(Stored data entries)

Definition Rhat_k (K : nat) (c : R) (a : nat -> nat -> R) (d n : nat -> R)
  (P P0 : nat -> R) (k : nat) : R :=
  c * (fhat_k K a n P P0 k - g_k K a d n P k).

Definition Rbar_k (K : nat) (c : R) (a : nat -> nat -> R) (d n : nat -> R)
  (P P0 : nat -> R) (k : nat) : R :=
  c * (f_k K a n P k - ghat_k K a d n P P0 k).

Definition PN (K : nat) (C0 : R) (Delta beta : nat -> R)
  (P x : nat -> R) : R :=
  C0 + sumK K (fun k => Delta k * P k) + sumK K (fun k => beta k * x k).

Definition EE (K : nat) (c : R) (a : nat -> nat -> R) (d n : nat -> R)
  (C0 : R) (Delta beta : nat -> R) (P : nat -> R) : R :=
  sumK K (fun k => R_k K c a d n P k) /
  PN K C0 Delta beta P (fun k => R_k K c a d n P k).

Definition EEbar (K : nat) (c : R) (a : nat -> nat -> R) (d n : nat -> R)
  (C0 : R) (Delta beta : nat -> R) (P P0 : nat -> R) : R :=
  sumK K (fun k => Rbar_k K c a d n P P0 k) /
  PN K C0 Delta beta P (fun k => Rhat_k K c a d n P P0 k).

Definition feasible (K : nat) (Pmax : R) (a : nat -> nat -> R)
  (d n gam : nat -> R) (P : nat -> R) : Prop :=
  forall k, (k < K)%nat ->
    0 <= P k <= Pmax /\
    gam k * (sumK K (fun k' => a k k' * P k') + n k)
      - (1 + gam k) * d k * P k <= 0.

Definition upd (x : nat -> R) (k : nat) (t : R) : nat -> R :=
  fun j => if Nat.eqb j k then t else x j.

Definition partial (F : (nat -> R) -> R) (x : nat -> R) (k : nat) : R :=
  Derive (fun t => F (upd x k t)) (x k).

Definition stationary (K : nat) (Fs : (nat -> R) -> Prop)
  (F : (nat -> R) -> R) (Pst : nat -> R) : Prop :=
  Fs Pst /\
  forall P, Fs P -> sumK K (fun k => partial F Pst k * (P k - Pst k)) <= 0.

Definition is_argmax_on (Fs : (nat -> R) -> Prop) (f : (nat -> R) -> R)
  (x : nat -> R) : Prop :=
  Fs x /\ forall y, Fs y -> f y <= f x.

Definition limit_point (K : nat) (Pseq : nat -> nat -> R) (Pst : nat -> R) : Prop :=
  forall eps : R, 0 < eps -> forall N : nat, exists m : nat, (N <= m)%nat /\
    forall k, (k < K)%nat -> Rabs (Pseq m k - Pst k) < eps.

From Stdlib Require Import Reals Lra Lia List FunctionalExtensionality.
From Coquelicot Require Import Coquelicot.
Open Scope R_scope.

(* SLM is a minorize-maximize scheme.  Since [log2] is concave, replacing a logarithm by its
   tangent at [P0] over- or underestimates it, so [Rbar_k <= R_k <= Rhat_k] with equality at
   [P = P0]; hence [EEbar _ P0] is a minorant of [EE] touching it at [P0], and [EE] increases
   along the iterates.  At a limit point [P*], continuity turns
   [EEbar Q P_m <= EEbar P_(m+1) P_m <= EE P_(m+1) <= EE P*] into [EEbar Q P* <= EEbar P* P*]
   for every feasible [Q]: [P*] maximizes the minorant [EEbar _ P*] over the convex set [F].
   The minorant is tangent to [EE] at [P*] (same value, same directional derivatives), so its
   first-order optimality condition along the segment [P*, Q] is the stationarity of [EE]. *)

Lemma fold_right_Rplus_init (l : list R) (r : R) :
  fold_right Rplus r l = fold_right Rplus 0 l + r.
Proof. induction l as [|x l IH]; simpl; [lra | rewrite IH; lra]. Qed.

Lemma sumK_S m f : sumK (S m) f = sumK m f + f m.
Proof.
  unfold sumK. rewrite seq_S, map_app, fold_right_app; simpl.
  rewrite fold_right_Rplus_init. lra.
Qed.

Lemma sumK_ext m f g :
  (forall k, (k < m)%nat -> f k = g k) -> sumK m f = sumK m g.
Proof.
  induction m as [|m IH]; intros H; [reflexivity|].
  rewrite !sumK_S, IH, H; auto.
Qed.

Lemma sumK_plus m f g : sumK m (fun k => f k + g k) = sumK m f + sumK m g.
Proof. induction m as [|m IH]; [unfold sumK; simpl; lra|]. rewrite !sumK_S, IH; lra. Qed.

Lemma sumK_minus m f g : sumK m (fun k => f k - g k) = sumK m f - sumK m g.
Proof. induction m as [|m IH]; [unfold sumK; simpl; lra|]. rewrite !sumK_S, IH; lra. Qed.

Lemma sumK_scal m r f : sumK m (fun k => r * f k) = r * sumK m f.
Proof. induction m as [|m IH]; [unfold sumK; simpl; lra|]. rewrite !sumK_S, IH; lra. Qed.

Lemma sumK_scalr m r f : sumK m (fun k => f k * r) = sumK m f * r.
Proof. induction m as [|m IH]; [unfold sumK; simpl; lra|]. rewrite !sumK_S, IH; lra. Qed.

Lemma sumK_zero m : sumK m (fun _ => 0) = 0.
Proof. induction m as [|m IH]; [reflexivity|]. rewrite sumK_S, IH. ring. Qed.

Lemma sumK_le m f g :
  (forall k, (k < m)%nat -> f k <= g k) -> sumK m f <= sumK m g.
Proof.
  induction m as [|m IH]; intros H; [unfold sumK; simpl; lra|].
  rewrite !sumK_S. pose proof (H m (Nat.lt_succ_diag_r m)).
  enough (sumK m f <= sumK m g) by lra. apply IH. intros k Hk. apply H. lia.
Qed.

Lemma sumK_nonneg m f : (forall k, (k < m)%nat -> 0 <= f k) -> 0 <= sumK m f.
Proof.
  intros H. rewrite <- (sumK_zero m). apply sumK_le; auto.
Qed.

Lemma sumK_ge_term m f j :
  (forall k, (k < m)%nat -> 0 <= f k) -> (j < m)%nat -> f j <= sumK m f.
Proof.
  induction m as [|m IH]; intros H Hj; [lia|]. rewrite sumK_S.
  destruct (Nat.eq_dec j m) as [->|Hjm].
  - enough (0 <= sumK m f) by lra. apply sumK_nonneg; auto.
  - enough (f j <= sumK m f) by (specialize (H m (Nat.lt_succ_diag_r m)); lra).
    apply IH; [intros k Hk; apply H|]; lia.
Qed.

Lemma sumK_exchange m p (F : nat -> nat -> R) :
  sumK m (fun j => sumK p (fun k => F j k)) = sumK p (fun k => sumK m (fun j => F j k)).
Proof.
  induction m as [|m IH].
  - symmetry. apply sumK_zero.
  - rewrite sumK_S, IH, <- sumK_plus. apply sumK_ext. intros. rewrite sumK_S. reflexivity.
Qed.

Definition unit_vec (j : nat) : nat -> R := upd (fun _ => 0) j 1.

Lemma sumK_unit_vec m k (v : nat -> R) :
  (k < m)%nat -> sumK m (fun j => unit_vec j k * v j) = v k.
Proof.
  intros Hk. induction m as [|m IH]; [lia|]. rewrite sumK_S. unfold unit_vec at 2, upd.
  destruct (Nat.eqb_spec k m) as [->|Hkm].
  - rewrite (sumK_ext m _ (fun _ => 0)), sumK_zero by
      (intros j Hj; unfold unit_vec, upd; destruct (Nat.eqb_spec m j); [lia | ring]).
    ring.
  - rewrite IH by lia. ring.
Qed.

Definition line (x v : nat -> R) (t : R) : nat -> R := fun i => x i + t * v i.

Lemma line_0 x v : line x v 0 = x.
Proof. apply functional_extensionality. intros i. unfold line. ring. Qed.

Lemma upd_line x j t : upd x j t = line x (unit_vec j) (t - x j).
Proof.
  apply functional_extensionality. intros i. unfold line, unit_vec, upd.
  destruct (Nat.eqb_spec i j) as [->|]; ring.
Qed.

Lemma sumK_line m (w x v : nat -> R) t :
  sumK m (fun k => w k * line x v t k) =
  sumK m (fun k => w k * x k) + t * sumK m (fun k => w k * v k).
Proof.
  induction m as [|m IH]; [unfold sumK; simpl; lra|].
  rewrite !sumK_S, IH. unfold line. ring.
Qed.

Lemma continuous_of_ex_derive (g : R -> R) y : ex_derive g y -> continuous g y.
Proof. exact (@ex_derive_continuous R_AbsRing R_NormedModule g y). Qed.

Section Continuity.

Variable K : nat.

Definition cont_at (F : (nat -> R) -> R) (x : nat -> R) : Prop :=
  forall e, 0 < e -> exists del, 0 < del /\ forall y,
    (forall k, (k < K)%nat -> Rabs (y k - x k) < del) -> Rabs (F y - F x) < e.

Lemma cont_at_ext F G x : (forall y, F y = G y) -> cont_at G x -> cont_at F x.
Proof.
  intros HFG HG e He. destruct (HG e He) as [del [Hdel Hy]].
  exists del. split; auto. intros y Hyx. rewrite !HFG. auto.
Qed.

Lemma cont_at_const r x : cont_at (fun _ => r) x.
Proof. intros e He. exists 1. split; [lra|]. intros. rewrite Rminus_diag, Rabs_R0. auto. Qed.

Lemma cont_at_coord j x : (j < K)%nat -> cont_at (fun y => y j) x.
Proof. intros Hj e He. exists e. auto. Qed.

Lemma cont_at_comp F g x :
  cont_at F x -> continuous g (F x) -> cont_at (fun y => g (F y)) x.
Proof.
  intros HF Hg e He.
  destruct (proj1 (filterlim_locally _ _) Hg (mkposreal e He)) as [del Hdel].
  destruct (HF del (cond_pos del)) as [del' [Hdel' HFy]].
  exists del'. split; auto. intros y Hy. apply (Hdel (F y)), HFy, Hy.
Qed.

[ASSIGNMENT] What is the number of lines in the records that hold the word "Delta"? Answer with that number only.

[WRITTEN SOLUTION] 6